On the mass exodus of his white congregation ("White Flight") that greeted him when he and his family moved into Chicago in the 1960's.

"The people that sang 'red, brown, yellow, black and white,' as soon as they showed up in their kids' classroom, they were out of there. People who said 'Greater is he that is in you, than he that is in the world' took the Spirit and tried to run from the city. The people who believed in foreign missions shocked me because when the foreign mission came home, they left too."

On his Biblical understanding of cities prior to moving into one

"We were infusing scripture [that was] turning us into an anti-urban person without even knowing it."

"I am proof that you can be taught to read the Bible in Hebrew and Greek and not have a theology as big as the city."

What Bekke Found Out About Cities When He Opened His Bible

"When I opened up the Scripture I was surprised to find the word 'city' appear 1250 times."

"The fault line for Evangelicals today is someone between having a misology for the city and a theology of the city."

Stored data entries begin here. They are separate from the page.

Lemma small_lambda {R : realFieldType} {k d lam N : R} :
  1 <= k -> 0 <= N -> 4 * N ^+ 2 < d -> k * d * lam ^+ 2 <= 1 -> 0 <= lam ->
  lam * N <= 1/2.
Proof.
move=> k1 N0 hd hk lam0.
have l2 : 0 <= lam ^+ 2 by rewrite sqr_ge0.
have : 4 * N ^+ 2 * lam ^+ 2 <= 1.
  have : d * lam ^+ 2 <= k * d * lam ^+ 2.
    by rewrite -mulrA ler_peMl // mulr_ge0 //; nra.
  have : 4 * N ^+ 2 * lam ^+ 2 <= d * lam ^+ 2 by rewrite ler_wpM2r // ltW.
  lra.
have : 0 <= lam * N by rewrite mulr_ge0.
nra.
Qed.

Lemma error_budget {R : realFieldType} {lam N : R} : 0 <= lam -> 1 <= N -> lam * N <= 1/2 ->
  5 * (lam * N) ^+ 3 + (lam ^+ 2 * N + 5 * (lam * N) ^+ 3) ^+ 2
  <= (5 * N ^+ 3 + 36 * N ^+ 6) * lam ^+ 3.
Proof.
move=> lam0 N1 hlN.
have lam1 : lam <= 1 by nra.
have mean_part : lam ^+ 2 * N + 5 * (lam * N) ^+ 3 <= 6 * N ^+ 3 * lam ^+ 2.
  have : N <= N ^+ 3 by rewrite -{1}[N]expr1 ler_weXn2l.
  have : lam ^+ 3 <= lam ^+ 2 by rewrite exprS ler_piMl ?exprn_ge0.
  have : 0 <= N ^+ 3 by rewrite exprn_ge0 //; lra.
  have : 0 <= lam ^+ 2 by rewrite sqr_ge0.
  rewrite exprMn; nra.
have sq_part : (lam ^+ 2 * N + 5 * (lam * N) ^+ 3) ^+ 2 <= 36 * N ^+ 6 * lam ^+ 3.
  have hx : 0 <= lam ^+ 2 * N + 5 * (lam * N) ^+ 3.
    by rewrite addr_ge0 ?mulr_ge0 ?exprn_ge0 //; lra.
  have hy : 0 <= 6 * N ^+ 3 * lam ^+ 2 := le_trans hx mean_part.
  apply: le_trans (_ : (6 * N ^+ 3 * lam ^+ 2) ^+ 2 <= _); first by rewrite lerXn2r ?nnegrE.
  have -> : (6 * N ^+ 3 * lam ^+ 2) ^+ 2 = 36 * N ^+ 6 * lam ^+ 4 by ring.
  have N0 : 0 <= N by lra.
  rewrite ler_wpM2l ?mulr_ge0 ?exprn_ge0 //.
  by rewrite (exprS lam 3) ler_piMl ?exprn_ge0.
have cubic : 5 * (lam * N) ^+ 3 = 5 * N ^+ 3 * lam ^+ 3 by ring.
rewrite mulrDl; lra.
Qed.

Theorem mainTheorem17 (R : realType) (r : nat) (hr : (2 <= r)%N) :
  exists d0 K : R, 0 < d0 /\ 0 < K /\
  forall (d lam : R), d0 < d -> 0 <= lam <= 1 ->
    (r - 1)%:R * d * lam ^+ 2 <= 1 ->
  forall (mu : probability R R), mu `[0, 1]%classic = 1%E ->
    `| mean_atanh_tilde R mu lam (r - 1) - s_fun R r lam (C_chi2 R mu) | <= K * lam ^+ 3 /\
    `| var_atanh_tilde R mu lam (r - 1) - s_fun R r lam (C_chi2 R mu) | <= K * lam ^+ 3.
Proof.
pose N : R := 2 ^+ (r - 1).
have N1 : 1 <= N by rewrite exprn_ege1 //; lra.
exists (4 * N ^+ 2), (5 * N ^+ 3 + 36 * N ^+ 6).
split; first by rewrite mulr_gt0 ?exprn_gt0 //; lra.
split; first by rewrite addr_gt0 ?mulr_gt0 ?exprn_gt0 //; lra.
move=> d lam hd /andP[lam0 _] hdl mu mu01.
have k1 : 1 <= (r - 1)%:R :> R by rewrite ler1n subn_gt0.
have lamN : lam * N <= 1/2 by apply: small_lambda k1 _ hd hdl lam0; lra.
set s := s_fun R r lam (C_chi2 R mu).
have mean : `|mean_atanh_tilde R mu lam (r - 1) - s| <= 5 * (lam * N) ^+ 3 :=
  theta_comp_expect_approx mu01 (near_square_atanh R) lam0 lamN.
have second : `|tilde_expect R mu lam (r - 1) (fun v => atanh R v ^+ 2) - s|
              <= 5 * (lam * N) ^+ 3 :=
  theta_comp_expect_approx mu01 (near_square_atanh2 R) lam0 lamN.
have hs : `|s| <= lam ^+ 2 * N.
  by apply: s_fun_bound; exact: C_chi2_01.
have budget := error_budget lam0 N1 lamN.
have cubic0 : 0 <= (lam ^+ 2 * N + 5 * (lam * N) ^+ 3) ^+ 2 by rewrite sqr_ge0.
split; first by apply: le_trans mean _; lra.
apply: le_trans (variance_near mean second hs) budget.
Qed.
Lemma cyc_succ_mod p j k : (2 <= p)%nat -> (1 <= j <= p)%nat -> (1 <= k <= p)%nat ->
  cyc_succ p k = j <-> ((Z.of_nat j - Z.of_nat k) mod Z.of_nat p = 1)%Z.
Proof.
  intros Hp Hj Hk. unfold cyc_succ. destruct (Nat.eqb_spec k p) as [->|Hkp]; split; intros H.
  - subst j. replace (Z.of_nat 1 - Z.of_nat p)%Z with (1 + (-1) * Z.of_nat p)%Z by lia.
    rewrite Z.mod_add by lia. apply Z.mod_small; lia.
  - replace (Z.of_nat j - Z.of_nat p)%Z with (Z.of_nat j + (-1) * Z.of_nat p)%Z in H by lia.
    rewrite Z.mod_add in H by lia. destruct (Nat.eq_dec j p) as [->|].
    + rewrite Z_mod_same_full in H. lia.
    + rewrite Z.mod_small in H by lia. lia.
  - subst j. replace (Z.of_nat (S k) - Z.of_nat k)%Z with 1%Z by lia. apply Z.mod_small; lia.
  - pose proof (Z.div_mod (Z.of_nat j - Z.of_nat k) (Z.of_nat p) ltac:(lia)) as E.
    rewrite H in E. set (d := ((Z.of_nat j - Z.of_nat k) / Z.of_nat p)%Z) in E.
    assert (Hd : d = 0%Z \/ d = (-1)%Z) by nia. destruct Hd as [-> | ->]; lia.
Qed.

(** * Derivatives of the chord length and of [W_{p,q}] *)

(* [auto_derive] leaves eta-expanded coordinate functions behind. *)
Ltac fold_eta g := unfold Rminus in *;
  change (fun u => gx g u) with (gx g) in *; change (fun u => gy g u) with (gy g) in *;
  change (fun u => Derive (gx g) u) with (Derive (gx g)) in *;
  change (fun u => Derive (gy g) u) with (Derive (gy g)) in *.

Section ChordLength.

Variable g : R -> pt.
Hypothesis gx_C2 : C2 (gx g).
Hypothesis gy_C2 : C2 (gy g).
Hypothesis g_injective : forall s t, g s = g t -> exists k : Z, s - t = IZR k.

Definition chord_sq (x y : R) : R :=
  (gx g x - gx g y) * (gx g x - gx g y) + (gy g x - gy g y) * (gy g x - gy g y).

Definition chord_tangent (x y : R) : R :=
  (gx g x - gx g y) * Derive (gx g) x + (gy g x - gy g y) * Derive (gy g) x.

(* Closed forms of [d_1 L], [d_1 d_1 L] and [d_2 d_1 L]; by symmetry of [L] they give all
   second partials. *)
Definition chord_d1 (x y : R) : R := chord_tangent x y / Lf g x y.

Definition chord_d11 (x y : R) : R :=
  (Derive (gx g) x ^ 2 + Derive (gy g) x ^ 2
   + (gx g x - gx g y) * Derive (Derive (gx g)) x + (gy g x - gy g y) * Derive (Derive (gy g)) x)
  / Lf g x y - chord_tangent x y ^ 2 / Lf g x y ^ 3.

Definition chord_d12 (x y : R) : R :=
  (- (Derive (gx g) x * Derive (gx g) y) - Derive (gy g) x * Derive (gy g) y) / Lf g x y
  - chord_tangent x y * chord_tangent y x / Lf g x y ^ 3.

Lemma Lf_sym x y : Lf g x y = Lf g y x.
Proof. unfold Lf, pnorm, dot, psub; simpl. f_equal. ring. Qed.

Lemma Lf_sqrt x y : Lf g x y = sqrt (chord_sq x y).
Proof. reflexivity. Qed.

Lemma Lf_sq x y : Lf g x y * Lf g x y = chord_sq x y.
Proof.
  rewrite Lf_sqrt. apply sqrt_sqrt. unfold chord_sq.
  pose proof (Rle_0_sqr (gx g x - gx g y)). pose proof (Rle_0_sqr (gy g x - gy g y)).
  unfold Rsqr in *. lra.
Qed.

Lemma chord_sq_sym x y : chord_sq x y = chord_sq y x.
Proof. unfold chord_sq. ring. Qed.

Lemma chord_sq_pos x y : 0 < Rabs (x - y) < 1 -> 0 < chord_sq x y.
Proof.
  intros Hxy. unfold chord_sq.
  destruct (Rle_lt_or_eq_dec 0 _ (Rplus_le_le_0_compat _ _ (Rle_0_sqr (gx g x - gx g y))
                                  (Rle_0_sqr (gy g x - gy g y)))) as [H|H]; [exact H|].
  exfalso. destruct (Rplus_sqr_eq_0 _ _ (eq_sym H)) as [E1 E2].
  assert (E : g x = g y) by (apply pt_eq; unfold gx, gy in *; lra).
  destruct (g_injective _ _ E) as [k Hk]. rewrite Hk, <- abs_IZR in Hxy.
  destruct Hxy as [H1 H2]. apply lt_IZR in H1. apply lt_IZR in H2. lia.
Qed.

Lemma Lf_pos x y : 0 < Rabs (x - y) < 1 -> 0 < Lf g x y.
Proof. intros H. apply sqrt_lt_R0, chord_sq_pos, H. Qed.

Lemma is_derive_Lf_l x y : 0 < chord_sq x y -> is_derive (fun u => Lf g u y) x (chord_d1 x y).
Proof.
  intros Hp. destruct (gx_C2 x) as (Hx & _). destruct (gy_C2 x) as (Hy & _).
  assert (HS : 0 < sqrt (chord_sq x y)) by (apply sqrt_lt_R0; auto).
  unfold chord_d1, chord_tangent. rewrite Lf_sqrt. unfold chord_sq in *.
  apply (is_derive_ext (fun u => sqrt ((gx g u - gx g y) * (gx g u - gx g y)
                                     + (gy g u - gy g y) * (gy g u - gy g y)))); [reflexivity|].
  auto_derive.
  - repeat split; auto; lra.
  - fold_eta g. set (S := sqrt _) in *. field. lra.
Qed.

Lemma is_derive_Lf_r x y : 0 < chord_sq x y -> is_derive (fun u => Lf g x u) y (chord_d1 y x).
Proof.
  intros Hp. apply (is_derive_ext (fun u => Lf g u x)); [intros; apply Lf_sym|].
  apply is_derive_Lf_l. now rewrite chord_sq_sym.
Qed.
Lemma exists_not_artinian_pser (R : comNzRingType) (R0 : {pred R}) (n : nat) :
  subring_closed R0 -> artinian_mod R0 (fun a => a \in R0) -> integral_over R0 ->
  (1 <= n)%N -> ~ ring_noetherian (fun _ : R => True) ->
  exists f : pser R n, ~ artinian_pser R0 f.
Proof.
move=> R0_subring R0_artinian R0_integral n_gt0 R_not_noeth.
apply: contrapT => all_artinian; apply: R_not_noeth => I hI hasc.
apply: contrapT => /(nonstationary_strict_subchain hasc) [sg [y hsy]].
pose f (m : mono n) := y (m (Ordinal n_gt0)).
have [s hs] : artinian_pser R0 f by apply: contrapT => hf; apply: all_artinian; exists f.
have ys k : gen_subring R0 s (y k) by have := hs [ffun => k]; rewrite /f ffunE.
pose J k := capm (gen_subring R0 s) (I (sg k)).
have [N hN] : stationary J.
  apply: (@noetherian_gen_subring _ _ R0_subring R0_artinian s R0_integral J) => [k|k x [hx]].
    have [_ I0 ID IM] := hI (sg k); split=> [x []//|||].
    - by split=> //; exact: gen_subring0.
    - by move=> x x' [? ?] [? ?]; split; [exact: gen_subringD|exact: ID].
    - by move=> a x ha [? ?]; split; [exact: gen_subringM|exact: IM].
  by have [hle _ _] := hsy k; move/(ascending_incl hasc hle); split.
have [_ hyN hyN'] := hsy N.
by case: (proj1 (hN N.+1 (leqnSn N) (y N)) (conj (ys N) hyN)) => _ /hyN'.
Qed.
(* Suppose that bounded operators $B(x):\mathbb C^2\to\mathcal K$, $C(x):\mathcal K\to\mathbb C^2$, $\mathbb X(x):\mathcal K\to\mathcal K$, differentiable in $x\in\mathbb R$, satisfy $\frac{\partial}{\partial x}B(x)=-(AB\sigma_2+B\gamma)\sigma_1^{-1}$, $\frac{\partial}{\partial x}C(x)u=\sigma_1^{-1}(-\sigma_2 C A_\zeta u+\gamma C u)$ for all $u\in D(A_\zeta)$, and $\frac{\partial}{\partial x}\mathbb X=B\sigma_2C$, and that $\mathbb X(x)(D(A_\zeta))\subseteq D(A)$ for all $x\in\mathbb R$. If the Lyapunov equation $A\mathbb X(x)u+\mathbb X(x)A_\zeta u+B(x)\sigma_1C(x)u=0$ (for all $u\in D(A)$) holds for a fixed $x_0$, then it holds for all $x$. In the case the operator $\mathbb X(x)$ is invertible and $B(x),C(x),\mathbb X(x)$ are part of an invertible node, if the equation $A_\zeta\mathbb X^{-1}(x)u'+\mathbb X^{-1}(x)Au'+\mathbb X^{-1}(x)B(x)\sigma_1C(x)\mathbb X^{-1}(x)u'=0$ (for all $u'\in D(A)$) holds for a fixed $x_0$, then it holds for all $x$.
   Context: $\mathcal K$ is a Krein space; $A,A_\zeta$ are generators of $C_0$ groups on $\mathcal K$ with identical dense domain $D(A)=D(A_\zeta)$; $\sigma_1=\sigma_1^*$ is an invertible $2\times2$ matrix, $\sigma_2=\sigma_2^*$ and $\gamma=-\gamma^*$ are fixed $2\times2$ matrices; $B(x)\sigma_2$ is $A$-regular, i.e. $B(x)\sigma_2 e\in D(A)$ for all $e\in\mathbb C^2$. An invertible node means: $\mathbb X$ is invertible with $\mathbb X(D(A))\subseteq D(A)$ and $\mathbb X^{-1}(D(A))\subseteq D(A)$, and the Lyapunov equation $A\mathbb Xu+\mathbb XA_\zeta u+B\sigma_1Cu=0$ holds for $u\in D(A)$. *)

From HB Require Import structures.
From mathcomp Require Import all_boot all_order all_algebra.
From mathcomp Require Import all_classical all_reals all_analysis.
From mathcomp Require Import complex.
Import Order.TTheory GRing.Theory Num.Theory.
Import numFieldNormedType.Exports.

Set Implicit Arguments.
Unset Strict Implicit.
Unset Printing Implicit Defensive.

Local Open Scope ring_scope.
Local Open Scope classical_set_scope.
Local Open Scope complex_scope.

(* Krein space structure on a complex Banach space K:
   ip is a hermitian sesquilinear (indefinite) inner product [.,.], and there is a
   fundamental symmetry J (bounded, linear, J^2 = I, ip-selfadjoint) such that
   [J.,.] is a positive definite inner product whose norm is equivalent to the
   norm of K (so K is complete for it). *)
Definition krein_space (R : realType) (K : completeNormedModType R[i])
    (ip : K -> K -> R[i]) : Prop :=
  (forall (a : R[i]) (u v w : K), ip (a *: u + v) w = a * ip u w + ip v w) /\
  (forall u v : K, ip u v = (ip v u)^*) /\
  exists J : K -> K,
    [/\ linear J, continuous J,
        (forall u, J (J u) = u),
        (forall u v, ip (J u) v = ip u (J v)) &
        exists c1 c2 : R[i], [/\ 0 < c1, 0 < c2 &
          forall u, c1 * `|u| ^+ 2 <= ip (J u) u <= c2 * `|u| ^+ 2]].

Definition bounded_op (R : realType) (V W : normedModType R[i]) (T : V -> W) : Prop :=
  linear T /\ continuous T.

Definition C0_group (R : realType) (K : normedModType R[i]) (T : R -> K -> K) : Prop :=
  [/\ (forall t, bounded_op (T t)),
      (forall u, T 0 u = u),
      (forall s t u, T (s + t) u = T s (T t u)) &
      (forall u, continuous (fun t => T t u))].

Definition generator (R : realType) (K : normedModType R[i]) (T : R -> K -> K)
    (D : set K) (A : K -> K) : Prop :=
  forall u : K,
    (D u <-> exists v : K,
        (fun h : R => (h%:C)^-1 *: (T h u - u)) @ 0^' --> v) /\
    (D u -> (fun h : R => (h%:C)^-1 *: (T h u - u)) @ 0^' --> A u).

Definition C0_group_generator (R : realType) (K : normedModType R[i])
    (D : set K) (A : K -> K) : Prop :=
  exists T : R -> K -> K, C0_group T /\ generator T D A.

"I needed to know the city because if you don't know it you can't love it."

On Common Grace

"Calvin also had a thesis called 'The Difference Between Saving Grace and Common Grace.' 'A city, he said, 'is a gift of common grace.' A city wall is a common grace of protection. A sewer system, a school system, the healthcare system, the transit system for those who cannot drive, these are common grace institutions. You pay for common grace by tax money. You pay for saving grace by tithe money. But it's all God's money."

The quotes above are taken from Raymond Bakke's Movement Day 2013 address given on October 10. The conference is aimed at bringing together hundreds of church leaders passionate about working for the good of their city.

Raymond Bakke pastored inner-city churches from 1959-1979 in inner city Chicago and Seattle. Bakke for many years served as a professor at several universities across the country and has written several books about urban ministry. He currently is the head of his own nonprofit, Ray Bakke Associates, through which he advises, speaks and consults on urban ministry.